* **WHAT YOU SHOULD DO**: Repeat exactly the lines of the entries below from the one with "eball x r p ->" through the one with "by rewrite addr_ge0 ?enorm_ge0.", both ends included, and nothing else.

-- PROVIDED DATA follows --

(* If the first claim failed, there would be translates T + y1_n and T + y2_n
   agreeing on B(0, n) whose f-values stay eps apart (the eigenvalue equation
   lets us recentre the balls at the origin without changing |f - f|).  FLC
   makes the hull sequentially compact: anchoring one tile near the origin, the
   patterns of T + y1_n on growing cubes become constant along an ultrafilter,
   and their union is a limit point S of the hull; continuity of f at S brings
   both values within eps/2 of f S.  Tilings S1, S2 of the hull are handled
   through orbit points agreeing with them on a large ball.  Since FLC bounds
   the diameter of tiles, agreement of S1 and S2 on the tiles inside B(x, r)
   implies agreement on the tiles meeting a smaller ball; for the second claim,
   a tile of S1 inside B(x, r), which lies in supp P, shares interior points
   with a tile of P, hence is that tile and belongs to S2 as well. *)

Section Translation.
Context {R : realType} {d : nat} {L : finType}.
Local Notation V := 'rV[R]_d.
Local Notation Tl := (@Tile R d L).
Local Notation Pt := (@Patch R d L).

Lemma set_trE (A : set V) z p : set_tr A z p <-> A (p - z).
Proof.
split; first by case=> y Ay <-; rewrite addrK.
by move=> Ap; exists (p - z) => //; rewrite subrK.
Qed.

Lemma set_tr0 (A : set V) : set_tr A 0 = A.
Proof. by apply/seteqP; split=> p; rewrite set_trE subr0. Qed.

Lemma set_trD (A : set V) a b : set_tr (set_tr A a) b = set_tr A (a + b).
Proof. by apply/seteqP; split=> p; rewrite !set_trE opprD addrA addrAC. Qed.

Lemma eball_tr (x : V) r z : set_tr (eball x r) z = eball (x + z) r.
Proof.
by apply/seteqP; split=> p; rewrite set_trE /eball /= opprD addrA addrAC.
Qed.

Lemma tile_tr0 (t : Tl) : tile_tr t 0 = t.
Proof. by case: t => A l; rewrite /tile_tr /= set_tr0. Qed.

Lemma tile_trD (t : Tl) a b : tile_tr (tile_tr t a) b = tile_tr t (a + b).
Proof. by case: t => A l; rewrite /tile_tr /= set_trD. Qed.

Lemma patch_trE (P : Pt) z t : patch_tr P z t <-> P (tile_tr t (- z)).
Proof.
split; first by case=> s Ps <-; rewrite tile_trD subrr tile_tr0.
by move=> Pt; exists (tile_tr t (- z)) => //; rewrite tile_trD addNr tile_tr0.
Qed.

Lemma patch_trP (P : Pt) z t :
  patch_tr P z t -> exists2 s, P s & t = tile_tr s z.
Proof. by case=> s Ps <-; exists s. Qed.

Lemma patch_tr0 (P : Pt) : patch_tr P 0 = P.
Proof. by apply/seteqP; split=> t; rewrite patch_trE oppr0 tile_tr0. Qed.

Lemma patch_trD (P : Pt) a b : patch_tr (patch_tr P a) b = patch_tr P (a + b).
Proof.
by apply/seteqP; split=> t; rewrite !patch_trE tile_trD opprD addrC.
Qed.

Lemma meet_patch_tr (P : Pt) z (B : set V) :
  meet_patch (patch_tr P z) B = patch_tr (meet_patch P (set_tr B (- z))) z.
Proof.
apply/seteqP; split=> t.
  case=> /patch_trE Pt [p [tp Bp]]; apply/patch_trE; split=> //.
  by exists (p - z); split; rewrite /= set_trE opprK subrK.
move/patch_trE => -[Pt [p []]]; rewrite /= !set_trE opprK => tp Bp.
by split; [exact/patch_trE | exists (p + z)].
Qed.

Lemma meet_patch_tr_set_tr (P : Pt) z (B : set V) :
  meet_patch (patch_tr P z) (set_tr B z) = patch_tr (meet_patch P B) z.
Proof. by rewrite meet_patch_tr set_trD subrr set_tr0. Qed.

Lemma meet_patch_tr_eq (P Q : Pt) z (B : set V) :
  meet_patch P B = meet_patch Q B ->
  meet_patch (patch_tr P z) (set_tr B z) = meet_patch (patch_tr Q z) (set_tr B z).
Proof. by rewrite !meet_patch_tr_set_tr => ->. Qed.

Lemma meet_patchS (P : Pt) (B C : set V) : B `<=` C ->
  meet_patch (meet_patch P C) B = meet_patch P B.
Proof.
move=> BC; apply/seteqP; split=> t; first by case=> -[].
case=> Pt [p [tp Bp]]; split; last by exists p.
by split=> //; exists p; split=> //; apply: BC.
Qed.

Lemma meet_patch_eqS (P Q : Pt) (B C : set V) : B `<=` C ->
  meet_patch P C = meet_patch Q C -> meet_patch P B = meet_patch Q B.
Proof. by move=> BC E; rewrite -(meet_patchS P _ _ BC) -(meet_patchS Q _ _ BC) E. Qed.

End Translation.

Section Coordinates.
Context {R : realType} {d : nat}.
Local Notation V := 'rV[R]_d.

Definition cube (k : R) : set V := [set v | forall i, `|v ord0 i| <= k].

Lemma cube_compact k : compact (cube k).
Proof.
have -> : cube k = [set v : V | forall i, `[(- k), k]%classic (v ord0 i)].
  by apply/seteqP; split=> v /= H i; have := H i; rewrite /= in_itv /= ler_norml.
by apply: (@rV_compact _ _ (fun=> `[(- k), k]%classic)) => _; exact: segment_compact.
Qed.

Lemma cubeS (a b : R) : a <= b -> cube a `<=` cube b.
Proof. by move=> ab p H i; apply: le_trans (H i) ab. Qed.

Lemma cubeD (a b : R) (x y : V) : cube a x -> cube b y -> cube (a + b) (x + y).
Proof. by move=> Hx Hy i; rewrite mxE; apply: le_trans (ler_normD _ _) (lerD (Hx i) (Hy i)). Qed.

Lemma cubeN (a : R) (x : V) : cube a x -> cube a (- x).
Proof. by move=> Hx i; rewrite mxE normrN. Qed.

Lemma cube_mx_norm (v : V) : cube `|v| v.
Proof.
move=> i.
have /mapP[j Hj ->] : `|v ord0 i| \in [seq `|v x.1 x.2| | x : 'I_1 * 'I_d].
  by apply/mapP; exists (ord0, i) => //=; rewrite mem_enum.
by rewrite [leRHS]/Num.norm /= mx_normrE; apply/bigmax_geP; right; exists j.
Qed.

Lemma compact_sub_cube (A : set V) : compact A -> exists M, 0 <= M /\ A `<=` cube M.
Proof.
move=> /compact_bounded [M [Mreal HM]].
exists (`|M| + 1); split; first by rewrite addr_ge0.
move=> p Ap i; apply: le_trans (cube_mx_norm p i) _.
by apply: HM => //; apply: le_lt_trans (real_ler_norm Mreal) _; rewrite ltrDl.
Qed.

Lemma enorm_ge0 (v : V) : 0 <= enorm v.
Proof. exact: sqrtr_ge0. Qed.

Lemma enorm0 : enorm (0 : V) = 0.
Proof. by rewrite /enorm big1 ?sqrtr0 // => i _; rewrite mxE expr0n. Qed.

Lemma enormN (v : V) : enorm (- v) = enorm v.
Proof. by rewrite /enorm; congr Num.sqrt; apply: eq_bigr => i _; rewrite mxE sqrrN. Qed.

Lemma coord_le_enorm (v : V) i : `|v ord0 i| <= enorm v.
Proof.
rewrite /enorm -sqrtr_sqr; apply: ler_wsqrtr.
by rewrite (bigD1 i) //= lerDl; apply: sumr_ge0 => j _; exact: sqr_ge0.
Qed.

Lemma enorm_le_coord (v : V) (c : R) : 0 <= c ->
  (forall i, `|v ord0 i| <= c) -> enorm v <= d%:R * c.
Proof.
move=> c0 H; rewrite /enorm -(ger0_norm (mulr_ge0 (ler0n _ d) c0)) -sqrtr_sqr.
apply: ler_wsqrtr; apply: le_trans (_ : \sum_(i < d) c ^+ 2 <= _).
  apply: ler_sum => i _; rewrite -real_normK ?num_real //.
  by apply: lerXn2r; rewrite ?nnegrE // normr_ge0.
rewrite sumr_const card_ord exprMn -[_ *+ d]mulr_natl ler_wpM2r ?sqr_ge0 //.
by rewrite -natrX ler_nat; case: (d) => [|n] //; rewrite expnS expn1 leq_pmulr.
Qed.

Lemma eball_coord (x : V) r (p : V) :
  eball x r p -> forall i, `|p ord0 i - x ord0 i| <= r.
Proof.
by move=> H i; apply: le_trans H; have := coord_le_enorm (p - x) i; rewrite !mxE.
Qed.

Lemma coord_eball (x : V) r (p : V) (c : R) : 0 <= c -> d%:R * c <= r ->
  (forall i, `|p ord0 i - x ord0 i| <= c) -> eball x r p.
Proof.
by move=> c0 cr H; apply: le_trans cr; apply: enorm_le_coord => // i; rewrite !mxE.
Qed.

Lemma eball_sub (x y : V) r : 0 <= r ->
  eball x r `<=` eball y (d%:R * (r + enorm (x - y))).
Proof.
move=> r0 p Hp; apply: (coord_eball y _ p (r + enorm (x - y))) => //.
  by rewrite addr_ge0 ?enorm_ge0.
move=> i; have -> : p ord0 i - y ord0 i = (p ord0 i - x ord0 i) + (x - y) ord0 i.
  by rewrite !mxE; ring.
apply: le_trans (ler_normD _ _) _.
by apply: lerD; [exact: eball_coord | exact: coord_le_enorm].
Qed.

-- PROVIDED DATA concluded --
-- PROVIDED DATA follows --

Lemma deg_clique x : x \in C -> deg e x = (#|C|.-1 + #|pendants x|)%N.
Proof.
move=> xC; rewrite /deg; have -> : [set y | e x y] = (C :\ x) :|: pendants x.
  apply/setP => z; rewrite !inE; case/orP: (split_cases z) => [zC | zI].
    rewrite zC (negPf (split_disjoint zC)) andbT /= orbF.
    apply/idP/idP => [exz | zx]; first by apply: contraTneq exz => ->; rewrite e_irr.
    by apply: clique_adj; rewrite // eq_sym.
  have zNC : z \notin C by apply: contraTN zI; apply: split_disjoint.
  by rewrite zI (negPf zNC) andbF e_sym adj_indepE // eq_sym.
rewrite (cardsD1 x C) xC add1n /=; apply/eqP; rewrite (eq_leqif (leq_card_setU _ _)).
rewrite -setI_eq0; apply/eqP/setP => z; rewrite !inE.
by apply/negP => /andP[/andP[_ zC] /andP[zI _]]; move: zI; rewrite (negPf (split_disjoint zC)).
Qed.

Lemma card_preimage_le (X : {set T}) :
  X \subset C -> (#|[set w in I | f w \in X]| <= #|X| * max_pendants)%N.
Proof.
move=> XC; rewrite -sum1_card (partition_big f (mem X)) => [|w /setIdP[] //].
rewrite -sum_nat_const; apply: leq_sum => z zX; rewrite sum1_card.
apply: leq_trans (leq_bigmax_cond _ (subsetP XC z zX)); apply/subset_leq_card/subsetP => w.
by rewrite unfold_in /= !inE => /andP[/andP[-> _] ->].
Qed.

-- PROVIDED DATA concluded --

* **FINAL ANSWER**:
  eball x r p -> forall i, `|p ord0 i - x ord0 i| <= r.
Proof.
by move=> H i; apply: le_trans H; have := coord_le_enorm (p - x) i; rewrite !mxE.
Qed.

Lemma coord_eball (x : V) r (p : V) (c : R) : 0 <= c -> d%:R * c <= r ->
  (forall i, `|p ord0 i - x ord0 i| <= c) -> eball x r p.
Proof.
by move=> c0 cr H; apply: le_trans cr; apply: enorm_le_coord => // i; rewrite !mxE.
Qed.

Lemma eball_sub (x y : V) r : 0 <= r ->
  eball x r `<=` eball y (d%:R * (r + enorm (x - y))).
Proof.
move=> r0 p Hp; apply: (coord_eball y _ p (r + enorm (x - y))) => //.
  by rewrite addr_ge0 ?enorm_ge0.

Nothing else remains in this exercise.